(* Let $w$ be a word over $\{L,R\}$ (an orbit pattern tag of an eventually fixed orbit). Then (1) $w$ forces each of its tails, i.e. every word $v'$ such that $w=vv'$ for some word $v$; and (2) every word $u$ forced by $w$ satisfies $|u|\le |w|$.
   Context: An interval map is a continuous map $f\colon I\to I$ on a compact interval $I=[a,b]$, $a<b$. Words are finite strings (including the empty word) over $\{L,R\}$; $|w|$ denotes the length of $w$. For $x\in I$ put $x_1=x$, $x_{j+1}=f(x_j)$. If $x$ is eventually fixed, let $n\ge 0$ be least such that $x_{n+1}$ is a fixed point of $f$; the orbit pattern tag of $x$ is the word of length $n$ whose $j$-th letter ($1\le j\le n$) is $L$ if $x_{j+1}<x_j$ and $R$ if $x_{j+1}>x_j$ (a fixed point has the empty word as tag). The map $f$ admits the tag $w$ if some point of $I$ has orbit pattern tag $w$. A word $w$ forces a word $u$ if every interval map admitting the tag $w$ also admits the tag $u$. *)

From Stdlib Require Import Reals Lra List.
Open Scope R_scope.

Inductive letter : Type := letL | letR.

Definition word := list letter.

Definition continuous_on_interval (a b : R) (f : R -> R) : Prop :=
  forall x, a <= x <= b ->
  forall eps, 0 < eps -> exists delta, 0 < delta /\
    forall y, a <= y <= b -> Rabs (y - x) < delta -> Rabs (f y - f x) < eps.

(* f is an interval map on I = [a,b] (a < b required separately). *)
Definition interval_map (a b : R) (f : R -> R) : Prop :=
  (forall x, a <= x <= b -> a <= f x <= b) /\ continuous_on_interval a b f.

Definition is_fixed (f : R -> R) (y : R) : Prop := f y = y.

(* x_{j+1} = Nat.iter j f x.  The point x has orbit pattern tag w iff
   n = |w| is least with x_{n+1} fixed, and the j-th letter of w (0-based j)
   records whether x_{j+2} < x_{j+1} (L) or x_{j+2} > x_{j+1} (R). *)
Definition has_tag (f : R -> R) (x : R) (w : word) : Prop :=
  is_fixed f (Nat.iter (length w) f x) /\
  (forall k, (k < length w)%nat -> ~ is_fixed f (Nat.iter k f x)) /\
  (forall j, (j < length w)%nat ->
     (nth j w letL = letL -> Nat.iter (S j) f x < Nat.iter j f x) /\
     (nth j w letL = letR -> Nat.iter (S j) f x > Nat.iter j f x)).

Definition admits_tag (a b : R) (f : R -> R) (w : word) : Prop :=
  exists x, a <= x <= b /\ has_tag f x w.

Definition forces (w u : word) : Prop :=
  forall (a b : R) (f : R -> R), a < b -> interval_map a b f ->
    admits_tag a b f w -> admits_tag a b f u.

From Stdlib Require Import Reals Lra List Lia.
Open Scope R_scope.

(* Part (1): if x has tag v ++ v', then its |v|-th iterate has tag v'.
   Part (2): for a word w of length n >= 1 put p_j = +-(n - j), with sign +
   for the letter L and - for R, so that |p_j| decreases to p_n = 0 and the
   j-th step p_j -> p_(j+1) goes in the direction w_j.  Interpolate
   p_j |-> p_(j+1) by tent functions and clamp the result to
   |f x| <= max(|x| - 1, 0).  Then p_0 has tag w on [-n, n], while 0 is the
   only fixed point and every orbit in [-n, n] is at 0 after n steps, so no
   tag longer than n is admitted.  The empty word is handled by the identity,
   which admits only the empty tag. *)

Lemma Rabs_le_between (x a : R) : Rabs x <= a <-> - a <= x <= a.
Proof.
  split; [|apply Rabs_le].
  intro Hx; pose proof (RRle_abs x); pose proof (RRle_abs (- x)).
  rewrite Rabs_Ropp in *; lra.
Qed.

Lemma iter_maps_into (a b : R) (f : R -> R) (x : R) (k : nat) :
  (forall y, a <= y <= b -> a <= f y <= b) ->
  a <= x <= b -> a <= Nat.iter k f x <= b.
Proof. intros Hf Hx; induction k; simpl; auto. Qed.

Lemma has_tag_suffix (f : R -> R) (x : R) (v v' : word) :
  has_tag f x (v ++ v') -> has_tag f (Nat.iter (length v) f x) v'.
Proof.
  unfold has_tag; rewrite length_app; intros [Hfix [Hnfix Hdir]]; split; [|split].
  - rewrite <- Nat.iter_add, Nat.add_comm; exact Hfix.
  - intros k Hk; rewrite <- Nat.iter_add; apply Hnfix; lia.
  - intros j Hj; rewrite <- !Nat.iter_add.
    specialize (Hdir (length v + j)%nat ltac:(lia)); rewrite app_nth2_plus in Hdir.
    replace (S j + length v)%nat with (S (length v + j)) by lia.
    replace (j + length v)%nat with (length v + j)%nat by lia.
    exact Hdir.
Qed.

Lemma forces_suffix (v v' : word) : forces (v ++ v') v'.
Proof.
  intros a b f _ [Hmaps _] [x [Hx Htag]].
  exists (Nat.iter (length v) f x); split.
  - exact (iter_maps_into a b f x _ Hmaps Hx).
  - exact (has_tag_suffix f x v v' Htag).
Qed.

Lemma admits_tag_length_le (a b : R) (f : R -> R) (N : nat) (u : word) :
  (forall x, a <= x <= b -> is_fixed f (Nat.iter N f x)) ->
  admits_tag a b f u -> (length u <= N)%nat.
Proof.
  intros Hfix [x [Hx [_ [Hnfix _]]]].
  destruct (Nat.le_gt_cases (length u) N) as [|HN]; [assumption|].
  exfalso; exact (Hnfix N HN (Hfix x Hx)).
Qed.

Lemma continuous_on_interval_of_continuity (a b : R) (f : R -> R) :
  continuity f -> continuous_on_interval a b f.
Proof.
  intros Hf x _ eps Heps; destruct (Hf x eps Heps) as [d [Hd Hcont]].
  exists d; split; [exact Hd|]; intros y _ Hy.
  destruct (Req_dec y x) as [->|Hne].
  - rewrite Rminus_diag, Rabs_R0; exact Heps.
  - apply (Hcont y); repeat split; auto.
Qed.

Lemma continuity_cst (c : R) : continuity (fun _ => c).
Proof. apply continuity_const; intros ? ?; reflexivity. Qed.

Lemma continuity_ext (f g : R -> R) :
  (forall x, f x = g x) -> continuity f -> continuity g.
Proof.
  intros Hfg Hf x; apply (continuity_pt_locally_ext f g 1 x Rlt_0_1); auto.
Qed.

Lemma continuity_Rmax (f g : R -> R) :
  continuity f -> continuity g -> continuity (fun x => Rmax (f x) (g x)).
Proof.
  intros Hf Hg.
  apply (continuity_ext (fun x => (f x + g x + Rabs (f x - g x)) * / 2)).
  - intro x; unfold Rmax; destruct (Rle_dec (f x) (g x)).
    + rewrite Rabs_left1 by lra; field.
    + rewrite Rabs_right by lra; field.
  - apply continuity_mult; [|apply continuity_cst].
    apply continuity_plus; [apply continuity_plus; assumption|].
    apply (continuity_comp (fun x => f x - g x) Rabs);
      [apply continuity_minus; assumption|apply Rcontinuity_abs].
Qed.

Lemma continuity_Rmin (f g : R -> R) :
  continuity f -> continuity g -> continuity (fun x => Rmin (f x) (g x)).
Proof.
  intros Hf Hg.
  apply (continuity_ext (fun x => - Rmax (- f x) (- g x))).
  - intro x; unfold Rmin, Rmax.
    destruct (Rle_dec (f x) (g x)), (Rle_dec (- f x) (- g x)); lra.
  - apply continuity_opp, continuity_Rmax; apply continuity_opp; assumption.
Qed.

Lemma interval_map_id (a b : R) : interval_map a b (fun x => x).
Proof.
  split; [auto|]; apply continuous_on_interval_of_continuity.
  exact (derivable_continuous _ derivable_id).
Qed.

Definition letter_sign (l : letter) : R := match l with letL => 1 | letR => -1 end.

Definition tent (c x : R) : R := Rmax 0 (1 - Rabs (x - c)).

Definition shrink (x : R) : R := Rmax (Rabs x - 1) 0.

Definition clamp (m s : R) : R := Rmax (- m) (Rmin m s).

Lemma Rabs_letter_sign (l : letter) : Rabs (letter_sign l) = 1.
Proof. destruct l; simpl; [apply Rabs_R1|rewrite Rabs_left; lra]. Qed.

Lemma tent_center (c : R) : tent c c = 1.
Proof. unfold tent; rewrite Rminus_diag, Rabs_R0, Rminus_0_r; apply Rmax_right; lra. Qed.

Lemma tent_far (c x : R) : 1 <= Rabs (x - c) -> tent c x = 0.
Proof. intro H; apply Rmax_left; lra. Qed.

Lemma continuity_tent (c : R) : continuity (tent c).
Proof.
  apply continuity_Rmax; [apply continuity_cst|].
  apply continuity_minus; [apply continuity_cst|].
  apply (continuity_comp (fun x => x - c) Rabs); [|apply Rcontinuity_abs].
  apply continuity_minus; [exact (derivable_continuous _ derivable_id)|].
  apply continuity_cst.
Qed.

Lemma shrink_ge0 (x : R) : 0 <= shrink x.
Proof. apply Rmax_r. Qed.

Lemma continuity_shrink : continuity shrink.
Proof.
  apply continuity_Rmax; [|apply continuity_cst].
  apply continuity_minus; [apply Rcontinuity_abs|].
  apply continuity_cst.
Qed.

Lemma Rabs_clamp_le (m s : R) : 0 <= m -> Rabs (clamp m s) <= m.
Proof.
  intro Hm; apply Rabs_le_between; unfold clamp, Rmax, Rmin.
  repeat destruct (Rle_dec _ _); lra.
Qed.

Lemma clamp_id (m s : R) : Rabs s <= m -> clamp m s = s.
Proof.
  rewrite Rabs_le_between; intro Hs; unfold clamp.
  rewrite Rmin_right by lra; apply Rmax_right; lra.
Qed.

Section TagMap.

Variable w : word.
Let n := length w.

Definition tag_point (j : nat) : R := letter_sign (nth j w letL) * INR (n - j).

Fixpoint tag_spline (k : nat) (x : R) : R :=
  match k with
  | O => 0
  | S k => tag_spline k x + tag_point (S k) * tent (tag_point k) x
  end.

Definition tag_map (x : R) : R := clamp (shrink x) (tag_spline n x).

Lemma Rabs_tag_point (j : nat) : Rabs (tag_point j) = INR (n - j).
Proof.
  unfold tag_point; rewrite Rabs_mult, Rabs_letter_sign, Rmult_1_l.
  apply Rabs_right, Rle_ge, pos_INR.
Qed.

Lemma tag_point_last : tag_point n = 0.
Proof. unfold tag_point; rewrite Nat.sub_diag; apply Rmult_0_r. Qed.

Lemma tag_point_neq0 (j : nat) : (j < n)%nat -> tag_point j <> 0.
Proof.
  intros Hj H0; pose proof (Rabs_tag_point j) as Habs.
  rewrite H0, Rabs_R0 in Habs; apply (not_0_INR (n - j)); [lia|auto].
Qed.

Lemma Rabs_tag_point_succ (j : nat) :
  (j < n)%nat -> Rabs (tag_point (S j)) + 1 = Rabs (tag_point j).
Proof.
  intro Hj; rewrite !Rabs_tag_point, <- S_INR; f_equal; lia.
Qed.

Lemma tag_point_step (j : nat) : (j < n)%nat ->
  (nth j w letL = letL -> tag_point (S j) < tag_point j) /\
  (nth j w letL = letR -> tag_point (S j) > tag_point j).
Proof.
  intro Hj; pose proof (Rabs_tag_point_succ j Hj) as Hsucc.
  pose proof (proj1 (Rabs_le_between _ _) (Rle_refl (Rabs (tag_point (S j))))) as Hbounds.
  assert (Hpj : tag_point j = letter_sign (nth j w letL) * Rabs (tag_point j)).
  { rewrite Rabs_tag_point; reflexivity. }
  split; intro Hl; rewrite Hl in Hpj; simpl in Hpj; lra.
Qed.

Lemma tag_point_sep (i j : nat) : (i < n)%nat -> (j < n)%nat -> i <> j ->
  1 <= Rabs (tag_point i - tag_point j).
Proof.
  intros Hi Hj Hij.
  pose proof (Rabs_triang_inv (tag_point i) (tag_point j)) as Htri_ij.
  pose proof (Rabs_triang_inv (tag_point j) (tag_point i)) as Htri_ji.
  rewrite Rabs_minus_sym in Htri_ji; rewrite !Rabs_tag_point, !minus_INR in * by lia.
  assert (Hlt : (S i <= j \/ S j <= i)%nat) by lia.
  destruct Hlt as [Hlt|Hlt]; apply le_INR in Hlt; rewrite S_INR in Hlt; lra.
Qed.

Lemma tag_spline_tag_point (k j : nat) : (j < n)%nat -> (k <= n)%nat ->
  tag_spline k (tag_point j) = if (j <? k)%nat then tag_point (S j) else 0.
Proof.
  intros Hj; induction k as [|k IHk]; intros Hk; simpl tag_spline.
  - destruct (Nat.ltb_spec j 0); [lia|reflexivity].
  - rewrite IHk by lia.
    destruct (Nat.eq_dec k j) as [->|Hne].
    + rewrite tent_center, Nat.ltb_irrefl, (proj2 (Nat.ltb_lt j (S j))) by lia; ring.
    + rewrite tent_far by (apply tag_point_sep; lia).
      destruct (Nat.ltb_spec j k), (Nat.ltb_spec j (S k)); try lia; ring.
Qed.

Lemma continuity_tag_spline (k : nat) : continuity (tag_spline k).
Proof.
  induction k as [|k IHk]; simpl.
  - apply continuity_cst.
  - apply continuity_plus; [exact IHk|]; apply continuity_scal, continuity_tent.
Qed.

Lemma continuity_tag_map : continuity tag_map.
Proof.
  apply continuity_Rmax; [apply continuity_opp, continuity_shrink|].
  apply continuity_Rmin; [apply continuity_shrink|apply continuity_tag_spline].
Qed.

Lemma Rabs_tag_map_le (x : R) : Rabs (tag_map x) <= shrink x.
Proof. apply Rabs_clamp_le, shrink_ge0. Qed.

Lemma tag_map_tag_point (j : nat) : (j < n)%nat -> tag_map (tag_point j) = tag_point (S j).
Proof.
  intro Hj; unfold tag_map.
  rewrite tag_spline_tag_point, (proj2 (Nat.ltb_lt j n)) by lia.
  apply clamp_id; unfold shrink.
  rewrite <- (Rabs_tag_point_succ j Hj), Rmax_left; [lra|].
  pose proof (Rabs_pos (tag_point (S j))); lra.
Qed.

Lemma iter_tag_map_tag_point (j : nat) :
  (j <= n)%nat -> Nat.iter j tag_map (tag_point 0) = tag_point j.
Proof.
  induction j as [|j IHj]; intro Hj; [reflexivity|].
  simpl; rewrite IHj by lia; apply tag_map_tag_point; lia.
Qed.

Lemma tag_map_fixed_iff (y : R) : is_fixed tag_map y <-> y = 0.
Proof.
  pose proof (Rabs_tag_map_le y) as Hle; unfold is_fixed, shrink in *; split.
  - intro Hfix; rewrite Hfix in Hle.
    destruct (Req_dec y 0) as [|Hy]; [assumption|].
    pose proof (Rabs_pos_lt y Hy); unfold Rmax in Hle; destruct (Rle_dec _ _); lra.
  - intros ->; rewrite Rabs_R0, Rmax_right in Hle by lra.
    apply Rabs_le_between in Hle; lra.
Qed.

Lemma iter_tag_map_eq0 (k : nat) (x : R) :
  Rabs x <= INR k -> Nat.iter k tag_map x = 0.
Proof.
  revert x; induction k as [|k IHk]; intros x Hx.
  - apply Rabs_le_between in Hx; simpl in *; lra.
  - rewrite Nat.iter_succ_r; apply IHk.
    eapply Rle_trans; [apply Rabs_tag_map_le|].
    rewrite S_INR in Hx; apply Rmax_lub; [lra|apply pos_INR].
Qed.

Lemma interval_map_tag_map : interval_map (- INR n) (INR n) tag_map.
Proof.
  split; [|apply continuous_on_interval_of_continuity, continuity_tag_map].
  intros x Hx; apply Rabs_le_between; apply Rabs_le_between in Hx.
  eapply Rle_trans; [apply Rabs_tag_map_le|].
  apply Rmax_lub; [lra|apply pos_INR].
Qed.

Lemma has_tag_tag_point : has_tag tag_map (tag_point 0) w.
Proof.
  unfold has_tag; fold n; split; [|split].
  - rewrite iter_tag_map_tag_point, tag_point_last by lia; apply tag_map_fixed_iff; reflexivity.
  - intros k Hk; rewrite iter_tag_map_tag_point, tag_map_fixed_iff by lia.
    apply tag_point_neq0; exact Hk.
  - intros j Hj; rewrite !iter_tag_map_tag_point by lia; apply tag_point_step; exact Hj.
Qed.

Lemma admits_tag_tag_map : admits_tag (- INR n) (INR n) tag_map w.
Proof.
  exists (tag_point 0); split; [|exact has_tag_tag_point].
  apply Rabs_le_between; rewrite Rabs_tag_point, Nat.sub_0_r; apply Rle_refl.
Qed.

End TagMap.

Lemma forces_length_le (w u : word) : forces w u -> (length u <= length w)%nat.
Proof.
  intro Hforces; destruct (Nat.eq_0_gt_0_cases (length w)) as [Hw|Hw].
  - apply length_zero_iff_nil in Hw; subst w.
    apply (admits_tag_length_le 0 1 (fun x => x)); [reflexivity|].
    apply Hforces; [exact Rlt_0_1|apply interval_map_id|].
    exists 0; split; [lra|]; split; [reflexivity|split; intros; simpl in *; lia].
  - apply lt_0_INR in Hw.
    apply (admits_tag_length_le (- INR (length w)) (INR (length w)) (tag_map w)).
    + intros x Hx; apply tag_map_fixed_iff, iter_tag_map_eq0, Rabs_le_between, Hx.
    + apply Hforces; [lra|apply interval_map_tag_map|apply admits_tag_tag_map].
Qed.

Theorem mainTheorem2 (w : word) :
  (forall v v' : word, w = v ++ v' -> forces w v') /\
  (forall u : word, forces w u -> (length u <= length w)%nat).
Proof.
  split.
  - intros v v' ->; apply forces_suffix.
  - apply forces_length_le.
Qed.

**Your assignment:**
From the records above, retype only the lines starting at the line that contains "Lemma forces_suffix (v" and ending at the line that contains "Lemma admits_tag_length_le (a", both included.

**Answer space:**
Lemma forces_suffix (v v' : word) : forces (v ++ v') v'.
Proof.
  intros a b f _ [Hmaps _] [x [Hx Htag]].
  exists (Nat.iter (length v) f x); split.
  - exact (iter_maps_into a b f x _ Hmaps Hx).
  - exact (has_tag_suffix f x v v' Htag).
Qed.

Lemma admits_tag_length_le (a b : R) (f : R -> R) (N : nat) (u : word) :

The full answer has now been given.